Палата желтела с заходом солнца. Петр, лежа, смотрел в сторону окна. Кругом пустота, на улице, в палате, мыслях. Его пугали слова доктора, что он больше не проснется. Жизнь теряла краски вместе со смыслом. Хотя жить ужасно хотелось. Петр рассматривал длинные кипарисы, что заглядывали в окно, за ними церквушка, далее – город со своими страстями. Еще ему хотелось спать. Это мучительная сонливость стягивала глаза. Приходилось прикладывать все силы, чтобы не уснуть. Если доктор прав и закрыть глаза, то они не откроются! Ужасно хотелась спать.

– Принесите кофе, – кричал он в длинный пустынный коридор.

Никто не откликнулся. Даже эхо забыло про пациента из сто шестой палаты. Петр сел. Теперь этот ужасно бледный человек, пытался найти свой носок. Один весел на тумбочке. Второй дезертировал. Он старался найти его, но ужасный озноб, слабость, тяжесть в ногах приковали его к постели.

В шесть вечера его бросило в жар. В девять поднялась температура. Ночью снился бред. Приходил черный человек, рвал картины, смеялся противным смехом, смотрел прямо в глаза.

– Ты рисуешь безобразие. Как ты посмел подумать, что ты художник? Это, по-твоему, картины! Это убожество, Петя!

Картины трещали в его руках. Он резал их ножом, куски падали на пол. На черном человеке был одет ненавистный Петру синий пиджак. Он стоял в одном носке.

– Зачем ты его одел? – Спрашивал Петя, – Почему из всех вещей ты выбрал этот пиджак?

Петр проснулся ночью. На улице шел сильный дождь, что выбивал по карнизу марш. Голова раскалывалась на мелкие кусочки. Петр охватывал голову руками, пытаясь ее удержать от разрыва. Упал на подушку, смотрел в потолок. Уснул.

Он проснулся утром от скрипа досок и громкого разговора.

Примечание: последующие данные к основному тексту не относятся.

Lemma sum_scale_mxE (a : 'rV[R]_N -> R) l :
  (\sum_(x <- s) a x *: x) 0 l = \sum_(x <- s) a x * x 0 l.
Proof. by rewrite summxE; apply: eq_bigr => x _; rewrite mxE. Qed.

(* The function l' |-> \sum_x a x * x_l' is constant on the block of l by
   the symmetry of s, and its block sum vanishes since s lies in E. *)
Lemma sum_mul_coord_eq0 (a : 'rV[R]_N -> R) l :
  (forall x l', x \in s -> c l' = c l -> a (col_perm (tperm l' l) x) = a x) ->
  \sum_(x <- s) a x * x 0 l = 0.
Proof.
move=> a_inv; apply: (block_const_eq0 (c := c) (phi := fun l => \sum_(x <- s) a x * x 0 l)).
  rewrite exchange_big /= big_seq big1 // => x xs.
  by rewrite -mulr_sumr (eqP (forallP (s_E xs) (c l))) mulr0.
move=> l' cl' /=; rewrite (big_tperm_closed _ cl') !big_seq; apply: eq_bigr => x xs.
by rewrite a_inv // mxE tpermL.
Qed.

Lemma sum_invariant_scale_eq0 (a : 'rV[R]_N -> R) :
  (forall x i j, x \in s -> c i = c j -> a (col_perm (tperm i j) x) = a x) ->
  \sum_(x <- s) a x *: x = 0.
Proof.
move=> a_inv; apply/matrixP => z l; rewrite ord1 sum_scale_mxE mxE.
by apply: sum_mul_coord_eq0 => x l' xs cl'; apply: a_inv.
Qed.

Lemma col_perm_tperm_other_block (x : 'rV[R]_N) (l' p q : 'I_N) :
  c q != c p -> c l' = c p -> (col_perm (tperm l' p) x) 0 q = x 0 q.
Proof.
move=> cqp cl'; rewrite mxE tpermD //; apply: contraNneq cqp => <- //.
by rewrite cl'.
Qed.

Lemma sum_cross_scale_eq0 (i j : 'I_N) :
  c i != c j -> \sum_(x <- s) (x 0 i * x 0 j) *: x = 0.
Proof.
move=> cij; apply/matrixP => z l; rewrite ord1 sum_scale_mxE mxE.
have [cli|cli] := eqVneq (c l) (c i).
  rewrite (eq_bigr (fun x : 'rV[R]_N => x 0 i * x 0 l * x 0 j)) => [|x _]; last by ring.
  apply: (sum_mul_coord_eq0 (a := fun x => x 0 i * x 0 l)) => x l' _ cl'.
  by rewrite !col_perm_tperm_other_block // cli.
rewrite (eq_bigr (fun x : 'rV[R]_N => x 0 j * x 0 l * x 0 i)) => [|x _]; last by ring.
apply: (sum_mul_coord_eq0 (a := fun x => x 0 j * x 0 l)) => x l' _ cl'.
by rewrite !col_perm_tperm_other_block // eq_sym.
Qed.

End InvariantSums.

Lemma ker_colinear (F : fieldType) m n (S : 'M[F]_(m, n)) (u a : 'rV[F]_m) :
  (m <= \rank S + 1)%N -> u != 0 -> u *m S = 0 -> a *m S = 0 -> exists t, a = t *: u.
Proof.
move=> corank u0 /sub_kermxP uK /sub_kermxP aK.
have Ku : (kermx S <= u)%MS.
  rewrite -(geq_leqif (mxrank_leqif_sup uK)) mxrank_ker rank_rV u0; lia.
by apply/sub_rVP; apply: submx_trans Ku.
Qed.

Lemma row1_neq0 (F : nzRingType) m : (0 < m)%N -> \row_(p < m) (1 : F) != 0.
Proof.
move=> m_gt0; apply/eqP => /matrixP /(_ 0 (Ordinal m_gt0)).
by rewrite !mxE; apply/eqP; rewrite oner_eq0.
Qed.

Lemma mxrank_lt_ker (F : fieldType) m n (S : 'M[F]_(m, n)) (u : 'rV[F]_m) :
  u != 0 -> u *m S = 0 -> (\rank S < m)%N.
Proof.
move=> u0 /sub_kermxP /mxrankS; rewrite mxrank_ker rank_rV u0.
have := rank_leq_row S; lia.
Qed.

Section SeqMatrix.

Variables (F : fieldType) (N : nat) (s : seq 'rV[F]_N).

Definition seqmx : 'M[F]_(size s, N) := \matrix_(p < size s) s`_p.

Lemma mul_row_seqmx (a : 'I_(size s) -> F) :
  (\row_p a p) *m seqmx = \sum_(p < size s) a p *: s`_p.
Proof. by rewrite mulmx_sum_row; apply: eq_bigr => p _; rewrite rowK mxE. Qed.

Lemma big_seq_scaleE (a : 'rV[F]_N -> F) :
  \sum_(x <- s) a x *: x = (\row_p a s`_p) *m seqmx.
Proof. by rewrite mul_row_seqmx (big_nth 0) big_mkord. Qed.

Lemma row1_mul_seqmx : (\row_(p < size s) 1) *m seqmx = \sum_(x <- s) x.
Proof. by rewrite -(big_seq_scaleE (fun=> 1)); apply: eq_bigr => x _; rewrite scale1r. Qed.

Lemma mxrank_seqmx_lt : (0 < size s)%N -> \sum_(x <- s) x = 0 -> (\rank seqmx < size s)%N.
Proof.
move=> s_gt0 sum0; apply: mxrank_lt_ker (row1_neq0 F s_gt0) _.
by rewrite row1_mul_seqmx.
Qed.

(* Over a corank-one family the relation space is the line of \sum x = 0. *)
Lemma seq_relation_const (a : 'rV[F]_N -> F) :
  (size s <= \rank seqmx + 1)%N -> \sum_(x <- s) x = 0 ->
  \sum_(x <- s) a x *: x = 0 -> {in s &, forall x y, a x = a y}.
Proof.
move=> corank sum0 rel x y xs ys.
have s_gt0 : (0 < size s)%N by case: (s) xs.
have ones : (\row_(p < size s) 1) *m seqmx = 0 by rewrite row1_mul_seqmx.
have [|t aE] := ker_colinear corank (row1_neq0 F s_gt0) ones (a := \row_p a s`_p).
  by rewrite -big_seq_scaleE.
have a_coord z : z \in s -> a z = t.
  move=> zs; have zi : (index z s < size s)%N by rewrite index_mem.
  have := congr1 (fun r : 'rV_(size s) => r 0 (Ordinal zi)) aE.
  by rewrite !mxE /= nth_index // mulr1.
by rewrite !a_coord.
Qed.

End SeqMatrix.

Section Spanning.

Variables (R : realType) (N k : nat) (c : 'I_N -> 'I_k) (s : seq 'rV[R]_N).
Hypothesis s_span : spans_E c s.

Lemma spans_E_rank : (N - k <= \rank (seqmx s))%N.
Proof.
pose M : 'M[R]_(N, k) := \matrix_(l, b) (c l == b)%:R.
have kerM_sub : (kermx M <= seqmx s)%MS.
  apply/row_subP => l; set v := row l (kermx M).
  have bv : blocksum0 c v.
    have /matrixP vM0 : v *m M = 0 by rewrite -row_mul mulmx_ker row0.
    apply/forallP => b; apply/eqP; have := vM0 0 b; rewrite !mxE => vMb.
    rewrite -[RHS]vMb big_mkcond /=.
    by apply: eq_bigr => l' _; rewrite !mxE; case: (c l' == b); rewrite ?mulr1 ?mulr0.
  by have [coef ->] := s_span bv; rewrite -mul_row_seqmx submxMl.
have := mxrankS kerM_sub; rewrite mxrank_ker.
have := rank_leq_col M; lia.
Qed.

Lemma spans_E_block_support b : valid_blocks c ->
  exists2 x, x \in s & exists2 l, c l = b & x 0 l != 0.
Proof.
move=> blocks; have /card_gt1P [i [j [ib jb ij]]] := blocks b.
rewrite !inE in ib jb.
have cij : c i = c j by rewrite (eqP ib) (eqP jb).
have [coef rootE] := s_span (blocksum0_root_vec R cij).
have /existsP [p nz_p] : [exists p : 'I_(size s), s`_p 0 i != 0].
  have : (root_vec i j : 'rV[R]_N) 0 i != 0.
    by rewrite !mxE !eqxx (negPf ij) subr0 oner_eq0.
  apply: contraTT => /existsPn all0; rewrite negbK rootE summxE.
  by apply/eqP/big1 => p _; rewrite mxE (eqP (negPn (all0 p))) mulr0.
by exists s`_p; [exact: mem_nth | exists i; [exact/eqP | exact: nz_p]].
Qed.

End Spanning.

Definition block_sqnorm (R : pzRingType) N k (c : 'I_N -> 'I_k) b (x : 'rV[R]_N) :=
  \sum_(l | c l == b) x 0 l ^+ 2.

Lemma block_sqnorm_tperm (R : pzRingType) N k (c : 'I_N -> 'I_k) b (x : 'rV[R]_N) i j :
  c i = c j -> block_sqnorm c b (col_perm (tperm i j) x) = block_sqnorm c b x.
Proof.
move=> cij; rewrite /block_sqnorm [RHS](reindex_inj (@perm_inj _ (tperm i j))) /=.
by apply: eq_big => l; rewrite ?block_tperm // mxE.
Qed.

Lemma block_sqnorm_eq0P (R : realDomainType) N k (c : 'I_N -> 'I_k) b (x : 'rV[R]_N) :
  reflect (forall l, c l = b -> x 0 l = 0) (block_sqnorm c b x == 0).
Proof.
apply: (iffP eqP) => [/psumr_eq0P x0 l cl|x0]; last first.
  by apply: big1 => l /eqP /x0 ->; rewrite expr0n.
have /(_ l) : forall l, c l == b -> x 0 l ^+ 2 = 0 by apply: x0 => l' _; apply: sqr_ge0.
by rewrite cl eqxx => /(_ isT) /eqP; rewrite sqrf_eq0 => /eqP.
Qed.

Section RigidWeights.

Variables (R : realDomainType) (N k : nat) (c : 'I_N -> 'I_k) (s : seq 'rV[R]_N).
Hypotheses (s_uniq : uniq s) (s_closed : tperm_closed c s).
Hypothesis s_E : forall x, x \in s -> blocksum0 c x.
Hypothesis relation_const : forall a : 'rV[R]_N -> R,
  \sum_(x <- s) a x *: x = 0 -> {in s &, forall x y, a x = a y}.

Lemma block_support_const b x y : x \in s -> y \in s ->
  (exists2 l, c l = b & y 0 l != 0) -> exists2 l, c l = b & x 0 l != 0.
Proof.
move=> xs ys [l cl yl].
have norm_eq : block_sqnorm c b y = block_sqnorm c b x.
  apply: relation_const ys xs.
  apply: (sum_invariant_scale_eq0 s_uniq s_closed s_E) => z i j _ cij.
  exact: block_sqnorm_tperm.
have /existsP [l' /andP [/eqP cl' xl']] : [exists l, (c l == b) && (x 0 l != 0)].
  have : block_sqnorm c b y != 0 by apply: contraNN yl => /block_sqnorm_eq0P /(_ l cl) ->.
  rewrite norm_eq; apply: contraNT => /existsPn none; apply/block_sqnorm_eq0P => l' cl'.
  by apply/eqP; move: (none l'); rewrite cl' eqxx negbK.
by exists l'.
Qed.

Lemma coord_eq0_of_other_block x i j : x \in s -> c i != c j -> x 0 j != 0 -> x 0 i = 0.
Proof.
move=> xs cij xj; apply: (block_const_eq0 (c := c) (phi := fun l => x 0 l)).
  exact/eqP/(forallP (s_E xs) (c i)).
move=> i' ci'; have ci'j : c i' != c j by rewrite ci'.
have := relation_const (sum_cross_scale_eq0 s_uniq s_closed s_E ci'j) xs (s_closed xs ci').
rewrite !mxE tpermL tpermD => [/mulIf -> //| |]; apply: contraNneq cij => <- //.
by rewrite ci'.
Qed.

End RigidWeights.

Unset Implicit Arguments.
Theorem lemma5p6 (R : realType) (N k d : nat) (c : 'I_N -> 'I_k)
  (rho : 'M[R[i]]_N -> 'M[R[i]]_d) (B : 'M[R]_N) (s : seq 'rV[R]_N) :
  (0 < k)%N -> valid_blocks c ->
  is_rep c rho -> faithful c rho ->
  inner_product_on_E c B -> weyl_invariant c B ->
  uniq s -> (forall x, x \in s <-> max_weight c rho B x) ->
  spans_E c s ->
  ((N - k).+1 <= size s)%N /\ (size s = (N - k).+1 -> k = 1%N).
Proof.
move=> k_gt0 blocks rep _ _ weyl s_uniq s_max s_span.
have s_E x : x \in s -> blocksum0 c x by move=> /s_max [[]].
have s_closed : tperm_closed c s.
  by move=> x i j /s_max x_max cij; apply/s_max; apply: max_weight_tperm.
have sum0 : \sum_(x <- s) x = 0.
  rewrite -[LHS](eq_bigr _ (fun x _ => scale1r x)).
  by apply: (sum_invariant_scale_eq0 s_uniq s_closed s_E (a := fun=> 1)).
have [x0 x0s _] := spans_E_block_support s_span (Ordinal k_gt0) blocks.
have s_gt0 : (0 < size s)%N by case: (s) x0s.
have rank_lt := mxrank_seqmx_lt s_gt0 sum0.
have rank_ge := spans_E_rank s_span.
split=> [|size_s]; first exact: leq_ltn_trans rank_ge rank_lt.
apply/eqP; apply: contraT => k_neq1; have k_gt1 : (1 < k)%N by lia.
have corank : (size s <= \rank (seqmx s) + 1)%N by rewrite addn1 {1}size_s ltnS.
have rel_const := seq_relation_const corank sum0.
have support b : exists2 l, c l = b & x0 0 l != 0.
  have [y ys y_b] := spans_E_block_support s_span b blocks.
  exact: (block_support_const s_uniq s_closed s_E rel_const x0s ys y_b).
have [i ci xi] := support (Ordinal k_gt0).
have [j cj xj] := support (Ordinal k_gt1).
have cij : c i != c j by rewrite ci cj.
by rewrite (coord_eq0_of_other_block s_uniq s_closed s_E rel_const x0s cij xj) eqxx in xi.
Qed.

– Сейчас приду. Машка приду, говорю. Эх, привет, сонный.

Дверь заскрипела, в комнату ввалилась пухлая Нюра, с висящими боками и розовыми щеками. Она поставила поднос, на котором красовалась каша с огромным куском масла, что тонул в блаженстве. Рядом компот, плотно набитый сухофруктами, что корчили морды от неудобства и булочка свежего хлеба с твердым сыром.

– Молчишь, а вид у тебя нездоровый. Ты че заболел? Я тебе тут поесть принесла, а ты вздумал окочуриться. Давай, давай вставай. В мою смену подыхать нельзя. В любую другую, пожалуйста. Или ты о своей гостье вспоминаешь?

– Ты откуда знаешь?

– Откуда, откуда, ты чего как покраснел?

Петр вскочил и посмотрел на нее

– Говори, что ты знаешь про нее.

– О, – состроила она ему рожу, – говори, говорю, – при этих словах рассмеялась, – чего ты как встрепенулся?

– Ты мне расскажешь или мучить дальше будешь. Я есть, не буду, уноси.

– Гордый ты у нас орел. Знаю про нее не много.

Петр резко посмотрел на нее.

– Ты наверно забыл правила дома. О чем молвят, то не бесплатно. Так что заплатите денюжку, мой дорогой.

– Откуда у художника деньги?

– То и есть правда, откуда у тебя деньги. Ладно, ладно. Ты, поди, чей должен всем.

– Никому я не должен ясно.

Две тысячи- Петьке. Триста рублей- Гришке. Сережке- пятерку. Маринке за обед- рублей сто пятьдесят. Кехе- пилу. Людке – любовь – Дура.

– Нарисуешь мой портрет, я тебе скажу, по рукам?

– Давай, с тебя карандаш и бумага.

– Чтобы нет, – она встала, – сиди и некуда не дергайся, я – мигом.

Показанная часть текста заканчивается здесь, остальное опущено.